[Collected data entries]
(* Let $\gamma\ge 0$ and define $R(A)=\mathrm{vol}_g(A)+\nu_S\,\mathrm{unit}(A)+\gamma\,\mathrm{pen}(A)$ for $A\subseteq V'$. Use the convention $x/0=+\infty$ for $x>0$. 1. For every $f\in\mathbb{R}^m_+\setminus\{0\}$, $$\frac{R^L(f)}{\mathrm{assoc}_S^L(f)}\ \ge\ \min_{i=1,\dots,m}\frac{R(A_i)}{\mathrm{assoc}_S(A_i)},\qquad A_i=\{j\in V': f_j\ge f_i\}.$$ 2. Consequently, $$\min_{f\in\mathbb{R}^m_+\setminus\{0\}}\frac{R^L(f)}{\mathrm{assoc}^L_S(f)}=\min_{\emptyset\ne A\subseteq V'}\frac{R(A)}{\mathrm{assoc}_S(A)},$$ and the minimum on the left is attained. 3. For any minimizer $f^*$ of the left-hand problem, a set $A^*$ chosen among the thresholded sets $A_i=\{j\in V':f^*_j\ge f^*_i\}$, $i=1,\dots,m$, so as to minimize $R(A_i)/\mathrm{assoc}_S(A_i)$, is a minimizer of the right-hand (set) problem.
   Context: Let $V$ be a finite vertex set with symmetric nonnegative weights $w_{ij}=w_{ji}\ge0$ and $w_{ii}=0$. - $d_i=\sum_{j\in V}w_{ij}$, and $\mathrm{vol}_h(A)=\sum_{i\in A}h_i$. - $\mathrm{assoc}(A)=\sum_{i,j\in A}w_{ij}$ (ordered pairs), and $\mathrm{cut}(A,B)=\sum_{i\in A,j\in B}w_{ij}$. - Fix $S\subseteq V$, $V'=V\setminus S$, $m=|V'|$, and identify $V'$ with $\{1,\dots,m\}$. - $d^S_i=\sum_{j\in S}w_{ij}$, $g:V\to(0,\infty)$, $\mu_S=\mathrm{assoc}(S)$, $\nu_S=\mathrm{vol}_g(S)$. - $\mathrm{unit}(A)=1$ if $A\ne\emptyset$ and $0$ otherwise. - $\mathrm{assoc}_S(A)=\mathrm{vol}_d(A)-\mathrm{cut}(A,V'\setminus A)+\mathrm{vol}_{d^S}(A)+\mu_S\,\mathrm{unit}(A)$ for $A\subseteq V'$. Constraint data: $M_1,\dots,M_p\in[0,\infty)^V$; reals $k_j,l_j$; a symmetric $\mathrm{dist}:V\times V\to[0,\infty)$ with $\mathrm{dist}(u,u)=0$; and $d_0\ge0$. Penalty: $\mathrm{pen}(\emptyset)=0$, and for $A\ne\emptyset$, $$\mathrm{pen}(A)=\sum_{j}\max\{0,\mathrm{vol}_{M_j}(A)-l_j\}+\sum_j\max\{0,k_j-\mathrm{vol}_{M_j}(A)\}+\sum_{u,v\in A}\max\{0,\mathrm{dist}(u,v)-d_0\}.$$ Lovasz extension: for a set function $F:2^{V'}\to\mathbb{R}$ with $F(\emptyset)=0$ and $f\in\mathbb{R}^m$, choose a permutation $\pi$ with $f_{\pi(1)}\le\dots\le f_{\pi(m)}$ and let $B_i=\{\pi(i),\dots,\pi(m)\}$. Then $$F^L(f)=\sum_{i=1}^{m-1}F(B_{i+1})\,(f_{\pi(i+1)}-f_{\pi(i)})+F(V')\,f_{\pi(1)}.$$ *)

From HB Require Import structures.
From mathcomp Require Import all_boot all_order all_algebra.
Set Implicit Arguments. Unset Strict Implicit. Unset Printing Implicit Defensive.
Import Order.TTheory GRing.Theory Num.Theory.
Local Open Scope ring_scope.

Section Defs.
Variables (R : realFieldType) (V : finType).

Definition vol (h : V -> R) (A : {set V}) : R := \sum_(i in A) h i.
Definition degw (w : V -> V -> R) (i : V) : R := \sum_j w i j.
Definition degS (w : V -> V -> R) (S : {set V}) (i : V) : R := \sum_(j in S) w i j.
Definition assoc (w : V -> V -> R) (A : {set V}) : R :=
  \sum_(i in A) \sum_(j in A) w i j.
Definition cut (w : V -> V -> R) (A B : {set V}) : R :=
  \sum_(i in A) \sum_(j in B) w i j.
Definition unitS (A : {set V}) : R := if A == set0 then 0 else 1.

Definition Vp (S : {set V}) := {x : V | x \in ~: S}.
Definition liftS (S : {set V}) (A : {set Vp S}) : {set V} := [set val x | x in A].

Definition assocS (w : V -> V -> R) (S : {set V}) (A : {set Vp S}) : R :=
  vol (degw w) (liftS A) - cut w (liftS A) (~: S :\: liftS A)
  + vol (degS w S) (liftS A) + assoc w S * unitS (liftS A).

Definition pen (p : nat) (M : 'I_p -> V -> R) (k l : 'I_p -> R)
  (dist : V -> V -> R) (d0 : R) (A : {set V}) : R :=
  if A == set0 then 0 else
    \sum_(j < p) Num.max 0 (vol (M j) A - l j)
  + \sum_(j < p) Num.max 0 (k j - vol (M j) A)
  + \sum_(u in A) \sum_(v in A) Num.max 0 (dist u v - d0).

(* R(A) = vol_g(A) + nu_S unit(A) + gamma pen(A), for A subset of V' *)
Definition Rset (g : V -> R) (S : {set V}) (gamma : R) (p : nat)
  (M : 'I_p -> V -> R) (k l : 'I_p -> R) (dist : V -> V -> R) (d0 : R)
  (A : {set Vp S}) : R :=
  vol g (liftS A) + vol g S * unitS (liftS A) + gamma * pen M k l dist d0 (liftS A).
End Defs.

Section Lovasz.
Variables (R : realFieldType) (T : finType).
(* Lovasz extension, with the permutation pi obtained by (stably) sorting
   the elements of T by increasing value of f; s = [pi(1); ...; pi(m)]. *)
Definition lovasz (F : {set T} -> R) (f : T -> R) : R :=
  let s := sort (fun x y => f x <= f y) (enum T) in
  let fs := map f s in
  \sum_(i < (size s).-1) F [set x in drop i.+1 s] * (fs`_i.+1 - fs`_i)
  + F setT * fs`_0.
End Lovasz.

(* Extended ratios: None stands for +infinity. x/0 := +infinity. *)
Definition xdiv (R : realFieldType) (x y : R) : option R :=
  if y == 0 then None else Some (x / y).
Definition xle (R : realFieldType) (a b : option R) : bool :=
  match a, b with
  | _, None => true
  | None, Some _ => false
  | Some x, Some y => x <= y
  end.

Definition thr (T : finType) (R : realFieldType) (f : T -> R) (i : T) : {set T} :=
  [set j | f i <= f j].

From HB Require Import structures.
From mathcomp Require Import all_boot all_order all_algebra.
From mathcomp Require Import zify.
Import Order.TTheory GRing.Theory Num.Theory.
Local Open Scope ring_scope.

(* The Lovasz extension is the sum over the sorted coordinates of F(level set)
   times the nonnegative increment of f, and the ratio of two such nonnegative
   combinations dominates the smallest ratio of the summands (mediant inequality);
   the summands with nonzero increment are exactly thresholded sets.  Conversely
   the extension of an indicator vector of A is F(A), so both minima coincide. *)

Lemma mem_nth_drop (T : eqType) (s : seq T) x0 m k : uniq s -> (k < size s)%N ->
  (nth x0 s k \in drop m s) = (m <= k)%N.
Proof.
move=> us ks; case: (leqP m k) => h.
  have hk : (k - m < size (drop m s))%N by rewrite size_drop; lia.
  by have := mem_nth x0 hk; rewrite nth_drop subnKC.
apply/negbTE/negP => /(nthP x0) [j hj e].
rewrite nth_drop in e; rewrite size_drop in hj.
have := index_uniq x0 ks us; rewrite -e index_uniq //; lia.
Qed.

Section LovaszDecomposition.
Context {R : realFieldType} {T : finType}.
Implicit Types (f : T -> R) (F : {set T} -> R) (A : {set T}).

Definition ascending f := sort (fun x y => f x <= f y) (enum T).

Definition increment f (i : nat) : R := let fs := map f (ascending f) in
  if i is j.+1 then fs`_j.+1 - fs`_j else fs`_0.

Exercise objective: Copy out every line in the records where the word "summands" is found.

Finished exercise:
   combinations dominates the smallest ratio of the summands (mediant inequality);
   the summands with nonzero increment are exactly thresholded sets.  Conversely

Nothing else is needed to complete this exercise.